Inspiré par un meurtre homophobe barbare qui a choqué le Chili en 2012, l’artiste musical Álex Anwandter en a tiré un premier long-métrage peu convaincant, trahi par son ambition de dépasser son matériau d’origine.
C’est que la question de l’acceptation de son homosexualité face à l’intolérance, qui a attiré sur le film attentions, suffrages voire récompenses (prix du jury des Teddy Awards 2016), se trouve à l’arrivée reléguée en sujet corollaire à un autre sujet, plus large, que semble viser le réalisateur. On ne s’y intéresse réellement que dans la première trentaine de minutes, le temps de nous familiariser avec Pablo, la future victime. Ce lycéen tente de vivre sa vie entre son père vieux jeu qui ne sait rien de son intimité, ses amis, sa passion pour le cabaret, ses ébats avec son amant (ils semblent avoir peu d’autres interactions), et ses retours chez lui en rasant les murs pour tenter d’esquiver la bande de brutes qui le harcèle. Le portrait n’est pas très atypique, mais il séduit par un dosage d’empathie avec son personnage et de sécheresse dans la représentation de sa situation. Cependant, l’attention se porte surtout sur la part d’ambiguïté qui apparaît à la périphérie du portrait : l’amant, Felix, d’autant plus honteux de sa relation avec Pablo qu’il se trouve justement sous l’influence de la bande de brutes. Au point que, quand ceux-ci finissent par tomber sur Pablo, le tabasser et le laisser pour mort, Felix participe à la curée, comme pour tirer un trait sur ses propres désirs.
Erreur de colère
Jusque-là, Anwandter ne s’en tirait pas trop mal, appuyé essentiellement sur l’intérêt de ce portrait et de ses à‑côtés. Les choses se gâtent vraiment quand, alors que Pablo plongé dans le coma passe dans le hors-champ du film, le réalisateur tente d’élargir son propos en recentrant son récit sur Juan, le père du jeune homme. À travers ce terne fabricant de mannequins (un symbole qui manque de conviction) découvrant au coup par coup que son fils est gay, que les agresseurs de ce dernier sont connus mais n’iront pas en prison, qu’il devra se saigner aux quatre veines pour les soins de Pablo à cause d’un système de santé mal compris, que son prétendu associé l’exploite, bref, que les valeurs sociales auxquelles il croyait sont bien corrompues, Anwandter prétend passer de la dénonciation d’une violence à celle d’une autre plus générale, d’une colère légitime à une autre. C’est alors que les faiblesses de sa narration deviennent vraiment embarrassantes, entre l’approximation totale du regard posé par la caméra sur les personnages en détresse ou en colère (cette laideur des gros plans en 2.35 sur les visages), la grossièreté de la direction d’acteur (Sergio Hernández, qui joue le père, a connu des jours meilleurs aux mains de réalisateurs plus chevronnés comme Raoul Ruiz ou Sebastián Lelio), l’abus des teintes sombres de la photographie pour figurer à quel point cette vie est moche, et enfin l’absence de direction dans ce virage du récit.

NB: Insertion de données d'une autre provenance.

Definition unif_prob (R : realType) (T : finType) (E : pred T) : R :=
  #|E|%:R / #|T|%:R.
Definition unif_exp (R : realType) (T : finType) (f : T -> R) : R :=
  (\sum_(t : T) f t) / #|T|%:R.

From HB Require Import structures.
From mathcomp Require Import all_boot all_order all_algebra all_fingroup.
From mathcomp Require Import reals.
From mathcomp Require Import sequences exp.
From mathcomp Require Import ring lra.
Import Order.TTheory GRing.Theory Num.Theory.
Local Open Scope ring_scope.

(* Expanding the trace, Tr S S^T = \sum_(a,b) fix(pi_a pi_b^-1) and
   Tr (S S^T)^2 = \sum_(a,b,c,e) fix(pi_a pi_b^-1 pi_c pi_e^-1), where fix counts
   fixed points.  Multiplying a uniform permutation by an independent one keeps it
   uniform, so a word in which some letter occurs once is a uniform permutation,
   whose expected number of fixed points is 1; the words pi_a pi_b^-1 pi_a pi_b^-1
   are squares of uniform permutations, with at most 2 expected fixed points; the
   remaining 2 d^2 words, pi_a pi_a^-1 pi_c pi_c^-1 and pi_a pi_b^-1 pi_b pi_a^-1,
   are the identity and contribute n.
   For (i), E e^(fix sigma) = \sum_(k <= n) (e - 1)^k / k! <= e^(e - 1), and the
   same change of variables makes the row sums Z_a = \sum_b fix(pi_b pi_a^-1)
   satisfy E e^(Z_a) <= e^n e^((e - 1)(d - 1)).  Since e^y >= 1 + y, the event
   Tr S S^T >= d T forces \sum_a e^(Z_a - T) >= 1, and Markov's inequality with
   T = n + x d concludes. *)

Lemma sum_andb_eq (R : pzSemiRingType) (I : finType) (x : bool) (i : I) :
  \sum_j ((x && (i == j))%:R : R) = x%:R.
Proof.
rewrite (bigD1 i) //= eqxx andbT big1 ?addr0 // => j /negbTE.
by rewrite eq_sym => ->; rewrite andbF.
Qed.

Lemma sum_set_by_card (V : nmodType) (T : finType) (F : nat -> V) :
  \sum_(J : {set T}) F #|J| = \sum_(k < #|T|.+1) F k *+ 'C(#|T|, k).
Proof.
rewrite (partition_big (fun J : {set T} => inord #|J| : 'I_#|T|.+1) xpredT) //=.
apply: eq_bigr => k _.
have cardJ (J : {set T}) : (inord #|J| == k :> 'I_#|T|.+1) = (#|J| == k).
  by rewrite -(inj_eq val_inj) /= inordK // ltnS max_card.
rewrite (eq_bigl _ _ cardJ) (eq_bigr (fun _ => F k)) => [|J /eqP -> //].
by rewrite sumr_const -card_draws; congr (_ *+ _); apply: eq_card => J; rewrite inE.
Qed.

Lemma mul_fact_pred_leq k : (k * k.-1`! <= k`!)%N.
Proof. by case: k => // k; rewrite factS. Qed.

Lemma four_letters_unique {T : eqType} {a b c e : T} :
  ~~ ((a == b) && (c == e)) -> ~~ ((b == c) && (a == e)) ->
  ~~ ((a == c) && (b == e)) ->
  [\/ a \notin [:: b; c; e], c \notin [:: e; a; b], e \notin [:: c; b; a]
    | b \notin [:: a; e; c]].
Proof.
rewrite !inE; have [<-{b} /= ce _ _ | ab] := eqVneq a b.
  have [ca | _] := eqVneq c a; [apply: Or43 | apply: Or42].
    by rewrite -ca !orbb eq_sym.
  by rewrite !orbF.
have [<-{c} /= _ _ be | ac] := eqVneq a c.
  by apply: Or44; rewrite (negbTE be) eq_sym (negbTE ab).
have [<-{e} /= _ /[!andbT] bc _ | ae] := eqVneq a e.
  by apply: Or44; rewrite (negbTE bc) eq_sym (negbTE ab).
by move=> _ _ _; apply: Or41.
Qed.

Lemma expR_ge_partial_sum (R : realType) (x : R) N : 0 <= x ->
  \sum_(k < N) x ^+ k / k`!%:R <= expR x.
Proof.
move=> x_ge0.
have nd : nondecreasing_seq (series (exp_coeff x)).
  apply/nondecreasing_seqP => m; rewrite /series /= big_nat_recr //= lerDl.
  exact: exp_coeff_ge0.
have := nondecreasing_cvgn_le nd (is_cvg_series_exp_coeff x) N.
by rewrite /series /= big_mkord.
Qed.

Lemma one_le_sum_expR (R : realType) (I : finType) (Z : I -> R) (T : R) :
  (0 < #|I|)%N -> #|I|%:R * T <= \sum_i Z i -> 1 <= \sum_i expR (Z i - T).
Proof.
move=> I_gt0 mean_ge.
apply: le_trans (ler_sum _ (fun i _ => expR_ge1Dx (Z i - T))).
rewrite big_split sumrB /= !sumr_const -[T *+ _]mulr_natl.
have : 1 <= #|I|%:R :> R by rewrite ler1n.
lra.
Qed.

Section UniformExpectation.
Context {R : realType} {T : finType}.
Implicit Types f g : T -> R.

Lemma unif_probE (E : pred T) : unif_prob R E = unif_exp (fun t => (E t)%:R).
Proof.
rewrite /unif_prob /unif_exp -sum1_card natr_sum big_mkcond /=.
by congr (_ / _); apply: eq_bigr => t _; rewrite unfold_in; case: (E t).
Qed.

Lemma eq_unif_exp {f g} : f =1 g -> unif_exp f = unif_exp g.
Proof. by move=> fg; rewrite /unif_exp (eq_bigr _ (fun t _ => fg t)). Qed.

Lemma ler_unif_exp f g : (forall t, f t <= g t) -> unif_exp f <= unif_exp g.
Proof.
by move=> fg; rewrite /unif_exp ler_wpM2r ?invr_ge0 ?ler0n // ler_sum.
Qed.

Lemma unif_exp_ge0 f : (forall t, 0 <= f t) -> 0 <= unif_exp f.
Proof. by move=> f_ge0; rewrite /unif_exp divr_ge0 ?ler0n ?sumr_ge0. Qed.

Lemma unif_exp_sum (I : Type) (r : seq I) (P : pred I) (F : I -> T -> R) :
  unif_exp (fun t => \sum_(i <- r | P i) F i t) =
  \sum_(i <- r | P i) unif_exp (F i).
Proof. by rewrite /unif_exp exchange_big mulr_suml. Qed.

Lemma unif_expMr f (c : R) : unif_exp (fun t => f t * c) = unif_exp f * c.
Proof. by rewrite /unif_exp -big_distrl mulrAC. Qed.

Lemma unif_exp_cst (c : R) : (0 < #|T|)%N -> unif_exp (fun _ : T => c) = c.
Proof.
move=> T_gt0; rewrite /unif_exp sumr_const -[c *+ _]mulr_natr mulfK //.
by rewrite pnatr_eq0 -lt0n.
Qed.

Lemma unif_exp_inj f (h : T -> T) :
  injective h -> unif_exp (f \o h) = unif_exp f.
Proof. by move=> h_inj; rewrite /unif_exp [in RHS](reindex_inj h_inj). Qed.

End UniformExpectation.

Section IndependentCoordinates.
Context {R : realType} {I T : finType}.
Local Notation sample := {ffun I -> T}.

Lemma unif_exp_prod (f : I -> T -> R) :
  unif_exp (fun p : sample => \prod_i f i (p i)) = \prod_i unif_exp (f i).
Proof.
by rewrite /unif_exp prodf_div bigA_distr_bigA prodr_const card_ffun natrX.
Qed.

Lemma unif_exp_coord (g : T -> R) (i : I) :
  (0 < #|T|)%N -> unif_exp (fun p : sample => g (p i)) = unif_exp g.
Proof.
move=> T_gt0; pose f j t := if j == i then g t else 1.
transitivity (unif_exp (fun p : sample => \prod_j f j (p j))).
  by apply: eq_unif_exp => p; rewrite -big_mkcond big_pred1_eq.
rewrite unif_exp_prod (bigD1 i) //= big1 ?mulr1 => [|j /negbTE ji].
  by rewrite /f eqxx.
by rewrite /f ji unif_exp_cst.
Qed.

End IndependentCoordinates.

Section GroupSamples.
Context {R : realType} {I : finType} {gT : finGroupType}.
Local Notation sample := {ffun I -> gT}.

Let card_gT_gt0 : (0 < #|gT|)%N.
Proof. by apply/card_gt0P; exists 1%g. Qed.

Lemma unif_exp_mul_indep (a : I) (W : sample -> gT) (G : gT -> R) :
  (forall p q : sample, (forall b, b != a -> p b = q b) -> W p = W q) ->
  unif_exp (fun p : sample => G (p a * W p)%g) = unif_exp G.
Proof.
move=> W_indep.
pose shift (V : sample -> gT) (p : sample) : sample :=
  [ffun b => if b == a then (p a * V p)%g else p b].
have W_shift V (p : sample) : W (shift V p) = W p.
  by apply: W_indep => b /negbTE ba; rewrite ffunE ba.
have shiftK : cancel (shift W) (shift (fun p => (W p)^-1)%g).
  move=> p; apply/ffunP => b; rewrite !ffunE.
  by case: eqP => [-> | //]; rewrite eqxx W_shift mulgK.
rewrite -(unif_exp_coord G a card_gT_gt0).
rewrite -(unif_exp_inj (fun p : sample => G (p a)) _ (can_inj shiftK)).
by apply: eq_unif_exp => p /=; rewrite ffunE eqxx.
Qed.

(* In the coordinates p b * p a (b != a) and p a, which are again independent
   and uniform, the b-th factor only depends on the b-th coordinate. *)
Lemma unif_exp_prod_rel (a : I) (f : I -> gT -> R) :
  unif_exp (fun p : sample => \prod_b f b (p b * (p a)^-1)%g) =
  f a 1%g * \prod_(b | b != a) unif_exp (f b).
Proof.
pose shift (p : sample) (s : gT) : sample :=
  [ffun b => if b == a then p a else (p b * s)%g].
have shiftK : cancel (fun p => shift p (p a)) (fun p => shift p (p a)^-1%g).
  move=> p; apply/ffunP => b; rewrite !ffunE eqxx.
  by case: eqP => [-> | _]; rewrite ?mulgK.
rewrite -(unif_exp_inj _ _ (can_inj shiftK)).
pose g b t := f b (if b == a then 1 else t)%g.
transitivity (unif_exp (fun p : sample => \prod_b g b (p b))).
  apply: eq_unif_exp => p; apply: eq_bigr => b _ /=; rewrite !ffunE eqxx /g.
  by case: eqP => _; rewrite ?mulgV ?mulgK.
rewrite unif_exp_prod (bigD1 a) //= /g eqxx unif_exp_cst //.
by congr (_ * _); apply: eq_bigr => b /negbTE ->.
Qed.

End GroupSamples.

Section FixedPoints.
Variables (R : realType) (n : nat).
Implicit Types s t : 'S_n.

Definition nfix s : R := \tr (perm_mx s).

Lemma nfixE s : nfix s = \sum_i (s i == i)%:R.
Proof. by apply: eq_bigr => i _; rewrite !mxE. Qed.

Lemma nfixC s t : nfix (s * t) = nfix (t * s).
Proof. by rewrite /nfix !perm_mxM mxtrace_mulC. Qed.

Lemma nfixV s : nfix s^-1 = nfix s.
Proof. by rewrite /nfix -tr_perm_mx mxtrace_tr. Qed.

Lemma nfix1 : nfix 1 = n%:R.
Proof. by rewrite /nfix perm_mx1 mxtrace1. Qed.

Lemma nfix_le s : nfix s <= n%:R.
Proof.
rewrite nfixE -[n in n%:R]card_ord -sum1_card natr_sum ler_sum // => i _.
by case: (_ == _).
Qed.

Lemma nfix_sqE s :
  nfix (s * s) = \sum_i \sum_j ((s i == j) && (s j == i))%:R.
Proof.
rewrite nfixE; apply: eq_bigr => i _; rewrite permM (bigD1 (s i)) //= eqxx.
by rewrite big1 ?addr0 // => j /negbTE; rewrite eq_sym => ->.
Qed.

Lemma card_perm_fix (A : {set 'I_n}) :
  #|[pred s : 'S_n | [forall i in A, s i == i]]| = (n - #|A|)`!.
Proof.
rewrite -[n in (n - _)%N]card_ord -(cardsC A) addKn -card_perm.
apply: eq_card => s; rewrite !inE.
apply/forall_inP/subsetP => [fixA i | onCA i iA].
  by rewrite !inE; apply: contraNN => /fixA.
by apply/negPn/negP => /onCA; rewrite !inE iA.
Qed.

Lemma card_perm_swap i j :
  #|[pred s : 'S_n | (s i == j) && (s j == i)]| = (n - #|[set i; j]|)`!.
Proof.
rewrite -card_perm_fix -!sum1_card (reindex_inj (mulgI (tperm i j))).
apply: eq_bigl => s; rewrite !inE !permM tpermL tpermR.
apply/andP/forall_inP => [[sj si] k | fix_ij].
  by rewrite !inE => /orP[] /eqP ->.
by rewrite !fix_ij // !inE eqxx ?orbT.
Qed.

Lemma card_perm_fix1 i : #|[pred s : 'S_n | s i == i]| = n.-1`!.
Proof.
rewrite -subn1 -(cards1 i) -(setUid [set i]) -card_perm_swap.
by apply: eq_card => s; rewrite !inE andbb.
Qed.

Lemma sum_fact_swap_leq (i : 'I_n) :
  (\sum_j (n - #|[set i; j]|)`! <= 2 * n.-1`!)%N.
Proof.
rewrite (bigD1 i) //= setUid cards1 subn1 mul2n -addnn leq_add2l.
rewrite (eq_bigr (fun _ => n.-2`!)) => [|j ji]; last first.
  by rewrite cards2 eq_sym ji subn2.
by rewrite sum_nat_const cardC1 card_ord -[n.-2]/(n.-1.-1) mul_fact_pred_leq.
Qed.

Lemma unif_exp_nfix : unif_exp nfix <= 1.
Proof.
rewrite (eq_unif_exp nfixE) unif_exp_sum.
under eq_bigr => i _ do
  rewrite -(unif_probE [pred s : 'S_n | s i == i]) /unif_prob card_perm_fix1.
rewrite sumr_const card_ord card_Sn -mulrnAl -[_ *+ n]mulr_natl -natrM.
by rewrite ler_pdivrMr ?ltr0n ?fact_gt0 // mul1r ler_nat mul_fact_pred_leq.
Qed.

Lemma unif_exp_nfix_sq : unif_exp (fun s => nfix (s * s)) <= 2.
Proof.
rewrite (eq_unif_exp nfix_sqE) unif_exp_sum.
under eq_bigr => i _.
  rewrite unif_exp_sum.
  under eq_bigr => j _ do
    rewrite -(unif_probE [pred s : 'S_n | _]) /unif_prob card_perm_swap card_Sn.
  rewrite -mulr_suml -natr_sum.
  over.
rewrite -mulr_suml -natr_sum ler_pdivrMr ?ltr0n ?fact_gt0 // -natrM ler_nat.
apply: (@leq_trans (\sum_(i < n) 2 * n.-1`!)).
  exact: leq_sum (fun i _ => sum_fact_swap_leq i).
by rewrite sum_nat_const card_ord mulnCA leq_mul2l mul_fact_pred_leq orbT.
Qed.

Lemma prod_fix_on s (J : {set 'I_n}) (c : R) :
  \prod_i (if i \in J then c * (s i == i)%:R else 1) =
  [forall i in J, s i == i]%:R * c ^+ #|J|.
Proof.
rewrite -big_mkcond /= big_split /= prodr_const mulrC.
have [fixJ | /forall_inPn[i iJ si]] := boolP [forall i in J, s i == i].
  by rewrite big1 // => i /(forall_inP fixJ) ->.
by rewrite (bigD1 i) //= (negbTE si) !mul0r.
Qed.

Lemma unif_exp_expR_nfix :
  unif_exp (fun s => expR (nfix s)) <= expR (expR 1 - 1).
Proof.
set c : R := expR 1 - 1.
have c_ge0 : 0 <= c by have := expR_ge1Dx (1 : R); rewrite /c; lra.
have expR_bool (b : bool) : expR b%:R = c * b%:R + 1.
  by case: b; rewrite /c ?expR0 /=; ring.
have expR_nfix s : expR (nfix s) =
    \sum_(J : {set 'I_n}) [forall i in J, s i == i]%:R * c ^+ #|J|.
  rewrite nfixE expR_sum (eq_bigr _ (fun i _ => expR_bool _)) bigA_distr.
  by apply: eq_bigr => J _; rewrite prod_fix_on.
rewrite (eq_unif_exp expR_nfix) unif_exp_sum.
under eq_bigr => J _ do rewrite unif_expMr
  -(unif_probE [pred s : 'S_n | _]) /unif_prob card_perm_fix card_Sn.
rewrite (sum_set_by_card _ _ (fun k => (n - k)`!%:R / n`!%:R * c ^+ k)) card_ord.
rewrite (eq_bigr (fun k : 'I_n.+1 => c ^+ k / k`!%:R)) ?expR_ge_partial_sum //.
move=> k _; have kn : (k <= n)%N by rewrite -ltnS.
have fact_neq0 m : (m`!%:R : R) != 0 by rewrite pnatr_eq0 -lt0n fact_gt0.
rewrite -(bin_fact kn) !natrM -mulr_natr; field.
by rewrite !fact_neq0 pnatr_eq0 -lt0n bin_gt0.
Qed.

End FixedPoints.

Section PermutationSamples.
Variables (R : realType) (n d : nat).
Implicit Types p : perm_sample n d.
Local Notation nfix := (@nfix R n).

Definition word p a b c e : 'S_n := (p a * (p b)^-1 * p c * (p e)^-1)%g.

Lemma card_perm_sample_gt0 : (0 < #|{: perm_sample n d}|)%N.
Proof. by apply/card_gt0P; exists [ffun => 1%g]. Qed.

Lemma Smat_gram p :
  Smat R p *m (Smat R p)^T = \sum_a \sum_b perm_mx (p a * (p b)^-1)%g.
Proof.
rewrite /Smat raddf_sum /= mulmx_suml; apply: eq_bigr => a _.
rewrite mulmx_sumr; apply: eq_bigr => b _.
by rewrite tr_perm_mx perm_mxM.
Qed.

Lemma mxtrace_Smat_gram p :
  \tr (Smat R p *m (Smat R p)^T) = \sum_a \sum_b nfix (p b * (p a)^-1)%g.
Proof.
rewrite exchange_big Smat_gram raddf_sum; apply: eq_bigr => a _.
by rewrite raddf_sum.
Qed.

Lemma mxtrace_Smat_gram_sq p :
  \tr ((Smat R p *m (Smat R p)^T) ^+ 2) =
  \sum_a \sum_b \sum_c \sum_e nfix (word p a b c e).
Proof.
rewrite expr2 -mulmxE Smat_gram mulmx_suml raddf_sum; apply: eq_bigr => a _.
rewrite mulmx_suml raddf_sum; apply: eq_bigr => b _.
rewrite mulmx_sumr raddf_sum; apply: eq_bigr => c _.
rewrite mulmx_sumr raddf_sum; apply: eq_bigr => e _.
by rewrite /nfix /word -!perm_mxM !mulgA.
Qed.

Car au gré des grimaces torturées de Juan, Plus jamais seul vise tour à tour le constat social proche de Ken Loach, le revenge-movie, la comédie douce-amère, la tragédie, mais se trouve constamment incapable de rendre prégnante cette trajectoire hésitante, ou d’insuffler quelque importance à la destination — floue — que le personnage finit par adopter. Le film se noie dans ses intentions mal dégrossies, et ne sera sauvé ni par le retour par petites touches du motif de la transgression (comme dans cette infirmière jouée par Antonia Zegers, à la répartie vive, à l’esprit non conventionnel… et lesbienne), ni par les images finales offrant un dernier hommage coloré à Pablo, qui sonnent comme un rappel après un long, trop long et trop erratique intermède.